Two businessmen linked to Trump Ukraine scandal arrested on U.S. charges

Politics

WASHINGTON (Reuters) – Two foreign-born Florida businessmen associated with U.S. President Donald Trump’s personal lawyer Rudy Giuliani have been arrested on suspicion of conspiring to funnel foreign money to U.S. political candidates, officials said on Thursday.

FILE PHOTO: U.S. President Donald Trump’s personal lawyer Rudy Giuliani has coffee with Ukrainian-American businessman Lev Parnas at the Trump International Hotel in Washington, U.S. September 20, 2019. REUTERS/Aram Roston/File Photo

The businessmen, Lev Parnas and Igor Fruman, were arrested in connection with a New York case involving campaign finance laws, a spokesman for the U.S. Attorney’s Office in Manhattan said.

The arrests were the latest dramatic development in a political drama that threatens Trump’s presidency. They come as the Democratic-led U.S. House of Representatives conducts an impeachment inquiry into the Republican president centered on Trump’s request in a July telephone call for Ukraine’s president to investigate former Vice President Joe Biden, a leading Democratic rival in the 2020 presidential election.

Parnas is a Ukrainian businessman. Fruman is a real estate investor who was born in Belarus. Both, according to various media accounts, helped introduce Giuliani into top Ukrainian political circles.

Parnas and Fruman conspired to “funnel foreign money to candidates for federal and state office,” according to a federal court filing in New York. The two men made illegal contributions using straw donors, according to the indictment.

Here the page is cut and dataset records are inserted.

Lemma balanced_point_dominates :
  D1 * ((G1 + G2) * D2 - (1 + H2)) = (1 + H1) * D2 + (1 + H1 + H2) ->
  G2 * D2 <= (1 + G1) * (1 + H2) -> G1 * D1 <= (1 + G2) * (1 + H1) ->
  G2 * D2 = (1 + G1) * (1 + H2) \/ H1 * D1 * (1 + D2) <= H2 * D2 * (1 + D1) ->
  G1 * D1 = (1 + G2) * (1 + H1) \/ H2 * D2 * (1 + D1) <= H1 * D1 * (1 + D2) ->
  (forall Om, cut (true, true) a b <= cut Om a b) /\
  (forall a' b', 0 < a' < 1 -> 0 < b' < 1 -> exists Om, cut Om a' b' <= cut (true, true) a b).
Proof.
  intros hbal hG2 hG1 hs1 hs2.
  assert (hp : 0 < (1 + D1) * (1 + D2)) by nra.
  pose proof cut_0_sub_12 as e0; pose proof cut_1_sub_12 as e1.
  pose proof cut_2_sub_12 as e2; pose proof slope_sub as es.
  assert (h0 : cut (false, false) a b = cut (true, true) a b).
  { apply Rmult_eq_reg_r with ((1 + D1) * (1 + D2)); lra. }
  split.
  - intros [[|] [|]]; try lra; apply Rmult_le_reg_r with ((1 + D1) * (1 + D2)); auto.
    + assert (0 <= D1 * ((1 + G1) * (1 + H2) - G2 * D2)) by (apply Rmult_le_pos; lra). lra.
    + assert (0 <= D2 * ((1 + G2) * (1 + H1) - G1 * D1)) by (apply Rmult_le_pos; lra). lra.
  - intros a' b' ha' hb'; apply cut_dominated; auto.
    + destruct hs1 as [hs1 | hs1]; [left | right].
      * apply Rmult_eq_reg_r with ((1 + D1) * (1 + D2)); [| lra].
        rewrite hs1, Rminus_diag, Rmult_0_r in e1; lra.
      * apply Rmult_le_reg_r with ((1 + D1) * (1 + D2)); lra.
    + destruct hs2 as [hs2 | hs2]; [left | right].
      * apply Rmult_eq_reg_r with ((1 + D1) * (1 + D2)); [| lra].
        rewrite hs2, Rminus_diag, Rmult_0_r in e2; lra.
      * apply Rmult_le_reg_r with ((1 + D1) * (1 + D2)); lra.
Qed.
(* Translation by [2^j] tends to the identity on [Z_2]: for a continuous [phi]
   it eventually does not change the [F]-coordinate of [phi]. *)
Lemma snd_oadd_pow2 (phi : Z2xF -> Z2xF) (x : Z2xF) : continuous phi ->
  exists j, (phi (oadd (pow2 j) x.1, x.2)).2 = (phi x).2.
Proof.
move=> phi_cont; have /nbhs_setXP [A [B [nbhsA nbhsB sub_N]]] :=
  phi_cont x _ (nbhs_snd (phi x)).
have [j cyl_A] := nbhs_cyl nbhsA; exists j.
by apply: sub_N; split; [exact/cyl_A/oadd_pow2 | exact: nbhs_singleton nbhsB].
Qed.

(* If [F] has trivial center and [c] is not a 2-element, no conjugacy exists:
   it would send [(2^j, 1)] to [(+-2^j, 1)], forcing [c^(2^j) = 1]. *)
Lemma twisted_not_conjugate c : ('Z([set: gT]%SET) = 1)%g -> ~~ (2.-elt c)%g ->
  ~ conjugate_actions (twisted 1) (twisted c).
Proof.
move=> Z1 c_n2 [phi [_ [tau [[phi_cont _ _ _] [tau_aut phi_eq]]]]].
have [e e_unit tauZ] := zf_aut_Z tau_aut Z1.
pose x : Z2xF := (fun _ => false, 1%g).
have [j] := snd_oadd_pow2 x phi_cont.
have -> : (oadd (pow2 j) x.1, x.2) = twisted 1 (pow2 j, 1%g) x.
  by rewrite /twisted cpow1n mul1g mulg1.
rewrite phi_eq tauZ /twisted /= mul1g => /(canRL (mulKg _)); rewrite mulVg.
move/eqP; rewrite cpow_eq1 dvdzE abszM e_unit muln1 pow2E absz_nat => dvd_c.
by apply: (negP c_n2); rewrite /p_elt (pnat_dvd dvd_c) // pnatX pnat_id.
Qed.
End TwistedActions.

(* A nontrivial finite group with trivial center is not a 2-group (2-groups
   are nilpotent), so by Cauchy it has an element of odd prime order. *)
Lemma exists_non_2elt (gT : finGroupType) :
  ([set: gT]%SET != 1)%g -> ('Z([set: gT]%SET) = 1)%g -> exists c : gT, ~~ (2.-elt c)%g.
Proof.
move=> ntG Z1.
have not2 : ~~ (2.-group [set: gT]%SET)%g.
  by apply: contra ntG => /pgroup_nil/center_nil_eq1 <-; rewrite Z1.
have [p [p_pr p_dvd p_n2]] : exists p, [/\ prime p, p %| #|[set: gT]%SET| & p != 2]%N.
  apply: contrapT => no_p; apply: (negP not2); apply/pgroupP => p p_pr p_dvd.
  by rewrite inE; apply/negPn/negP => p_n2; apply: no_p; exists p.
have [c _ ord_c] := Cauchy p_pr p_dvd.
by exists c; rewrite /p_elt ord_c pnatE // inE.
Qed.

Local Close Scope ring_scope.
Unset Implicit Arguments.

Theorem theorem1p1 (gT : finGroupType) :
  ([set: gT]%SET != 1)%g -> ('Z([set: gT]%SET) = 1)%g ->
  exists (X : topologicalType) (alpha alpha' : ZF gT -> X -> X),
    [/\ compact [set: X], hausdorff_space X & infinite_set [set: X]] /\
    [/\ cont_action alpha /\ minimal_action alpha /\ free_action alpha,
        cont_action alpha' /\ minimal_action alpha' /\ free_action alpha',
        cont_orbit_equiv alpha alpha'
      & ~ conjugate_actions alpha alpha'].
Proof.
move=> ntG Z1; have [c c_n2] := exists_non_2elt ntG Z1.
exists (Z2xF gT), (twisted 1), (twisted c); split.
  by split; [exact: Z2xF_compact | exact: Z2xF_hausdorff | exact: Z2xF_infinite].
split; [exact: twisted_minimal_free | exact: twisted_minimal_free | |].
- exact: twisted_orbit_equiv.
- exact: twisted_not_conjugate.
Qed.
(* Let $A$ be a commutative ring and $\sigma$ a hereditary torsion theory on $A$-modules of finite type. The following are equivalent: (a) $A$ is totally $\sigma$-artinian; (b) $\mathcal{K}(\sigma)=\mathcal{C}(\sigma)$, this set is finite, and $A$ is totally $\sigma_{A\setminus\mathfrak{p}}$-artinian for every $\mathfrak{p}\in\mathcal{C}(\sigma)$.
   Context: $\mathcal{L}(\tau)$ denotes the Gabriel filter of a hereditary torsion theory $\tau$. $\sigma$ is of finite type if every ideal in $\mathcal{L}(\sigma)$ contains a finitely generated ideal in $\mathcal{L}(\sigma)$. $A$ is totally $\tau$-artinian if for every descending chain of ideals $\mathfrak{a}_1\supseteq\mathfrak{a}_2\supseteq\cdots$ there exist $m$ and $\mathfrak{h}\in\mathcal{L}(\tau)$ with $\mathfrak{a}_m\mathfrak{h}\subseteq\mathfrak{a}_s$ for all $s\ge m$. For a prime $\mathfrak{p}$, $\sigma_{A\setminus\mathfrak{p}}$ has Gabriel filter $\{\mathfrak{a}:\mathfrak{a}\not\subseteq\mathfrak{p}\}$. $\mathcal{K}(\sigma)$ is the set of primes $\mathfrak{p}$ with $\mathfrak{p}\notin\mathcal{L}(\sigma)$, and $\mathcal{C}(\sigma)$ is the set of maximal elements of $\mathcal{K}(\sigma)$. *)

From HB Require Import structures.
From mathcomp Require Import all_boot all_order all_algebra.
Set Implicit Arguments. Unset Strict Implicit. Unset Printing Implicit Defensive.
Import GRing.Theory.
Local Open Scope ring_scope.

Section Ideals.
Variable A : comPzRingType.

Definition is_ideal (I : A -> Prop) : Prop :=
  [/\ I 0, (forall x y, I x -> I y -> I (x + y)) & (forall r x, I x -> I (r * x))].

Definition subid (I J : A -> Prop) : Prop := forall x, I x -> J x.

Definition ideal_eq (I J : A -> Prop) : Prop := forall x, I x <-> J x.

Definition ideal_mul (I J : A -> Prop) : A -> Prop := fun z =>
  exists s : seq (A * A), (forall p, p \in s -> I p.1 /\ J p.2) /\
    z = \sum_(p <- s) p.1 * p.2.

Definition ideal_cap (I J : A -> Prop) : A -> Prop := fun z => I z /\ J z.

Definition ideal_colon (I : A -> Prop) (x : A) : A -> Prop := fun r => I (r * x).

Definition fin_gen (I : A -> Prop) : Prop :=
  exists s : seq A, forall x,
    I x <-> exists c : 'I_(size s) -> A, x = \sum_(i < size s) c i * s`_i.

Definition prime_ideal (P : A -> Prop) : Prop :=
  [/\ is_ideal P, ~ P 1 & forall x y, P (x * y) -> P x \/ P y].

(* Gabriel filter (Stenstrom, Rings of Quotients, VI.5, axioms T1-T4):
   hereditary torsion theories on A-Mod correspond bijectively to these,
   so a hereditary torsion theory sigma is represented by its filter L(sigma). *)
Definition gabriel_filter (L : (A -> Prop) -> Prop) : Prop :=
  (forall I, L I -> is_ideal I) /\ L (fun _ => True) /\
  [/\ (forall I J, L I -> is_ideal J -> subid I J -> L J),
      (forall I J, L I -> L J -> L (ideal_cap I J)),
      (forall I x, L I -> L (ideal_colon I x)) &
      (forall I J, is_ideal I -> L J ->
         (forall x, J x -> L (ideal_colon I x)) -> L I)].

Definition finite_type (L : (A -> Prop) -> Prop) : Prop :=
  forall I, L I -> exists J, [/\ fin_gen J, is_ideal J, L J & subid J I].

Definition totally_artinian (L : (A -> Prop) -> Prop) : Prop :=
  forall a : nat -> A -> Prop,
    (forall n, is_ideal (a n)) -> (forall n, subid (a n.+1) (a n)) ->
    exists m, exists h, L h /\ forall s, (m <= s)%N -> subid (ideal_mul (a m) h) (a s).

(* Gabriel filter of sigma_{A \ p} *)
Definition filt_compl (P : A -> Prop) : (A -> Prop) -> Prop :=
  fun I => is_ideal I /\ ~ subid I P.

Definition Kset (L : (A -> Prop) -> Prop) (P : A -> Prop) : Prop :=
  prime_ideal P /\ ~ L P.

Definition Cset (L : (A -> Prop) -> Prop) (P : A -> Prop) : Prop :=
  Kset L P /\ forall Q, Kset L Q -> subid P Q -> ideal_eq P Q.

Definition finite_idset (S : (A -> Prop) -> Prop) : Prop :=
  exists l : seq (A -> Prop), forall P, S P -> exists2 i, (i < size l)%N & ideal_eq P (nth (fun _ => False) l i).

End Ideals.

From mathcomp Require Import all_boot all_order all_algebra.
From mathcomp Require Import boolp ring.
From mathcomp Require classical_sets.
Set Implicit Arguments. Unset Strict Implicit. Unset Printing Implicit Defensive.
Import GRing.Theory.
Local Open Scope ring_scope.

(* (a) => (b): if A is totally sigma-artinian, a prime P of K(sigma) inside an
   ideal Q outside L(sigma) equals Q (use the chain P + Ax^n), so
   K(sigma) = C(sigma); infinitely many primes of C(sigma) would give a chain
   of finite intersections violating prime avoidance; and L(sigma) is
   contained in each L(sigma_{A\P}), so total artinianity passes to them.
   (b) => (a): for a chain, sum the bounds h_P given by the finitely many
   localisations; the sum lies in no prime of C(sigma) = K(sigma), hence in
   L(sigma), and is a bound for the chain. *)

Section IdealArithmetic.
Variable A : comPzRingType.
Implicit Types (I J K P Q : A -> Prop) (x y z r : A).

John Dowd, the lawyer for the two men, declined comment on the charges.

The two men had been planning to fly to Vienna on Wednesday night, according to a source familiar with the matter.

Parnas and Fruman were expected to appear in a federal court in Virginia later on Thursday, the Wall Street Journal reported, citing people familiar with the matter.

The Journal described the two men as donors to a pro-Trump fundraising committee who helped Giuliani’s efforts to investigate Biden.

Two other people who were charged in the indictment were David Correia, a U.S. businessman, and Andrey Kukushkin, a Ukrainian-born U.S. businessman.

The Campaign Legal Center, a nonprofit that favors campaign finance regulation, had urged a U.S. government agency in a July 2018 complaint to investigate whether Parnas and Fruman had broken the law by using a shell company to disguise the source of a $325,000 donation to a pro-Trump political action committee.

The CLC later supplemented its complaint to the U.S. Federal Election Commission to include evidence of wire transfers showing the movement of the funds.

Parnas told Reuters last month he knew the FBI was investigating him but was not sure why.

“I don’t know what the FBI wants,” Parnas said at the time.

Parnas said that any violations of Federal Election Commission rules were unwitting and a “clerical thing” because he was not an experienced political donor. Parnas said he was not trying to hide the source of the $325,000 donation.

He said he gave the money to America First Action committee because “we are huge supporters of the president.”

FOREIGN INTERFERENCE

Nancy Pelosi, who as House Speaker is the top Democrat in the chamber, launched the impeachment inquiry last month after the revelation that Trump had sought foreign interference in the 2020 U.S. election.

A whistleblower complaint to Congress also raised concerns that Trump leveraged $400 million in U.S. aid to try to secure a promise from Ukraine’s president to investigate Biden and his son, Hunter Biden.

Trump has denied wrongdoing and has described the probe as a partisan smear.

FILE PHOTO: U.S. President Donald Trump’s personal lawyer Rudy Giuliani has coffee with Ukrainian-American businessman Lev Parnas at the Trump International Hotel in Washington, U.S. September 20, 2019. REUTERS/Aram Roston/File Photo

Democrats are getting impatient with the administration’s blocks on its investigation.

“Republicans are now refusing to answer the simplest question: whether it’s acceptable for a president to pressure foreign countries to undermine our elections. American elections should be decided by Americans, not by ‘favors’ from foreign governments,” Pelosi tweeted on Thursday.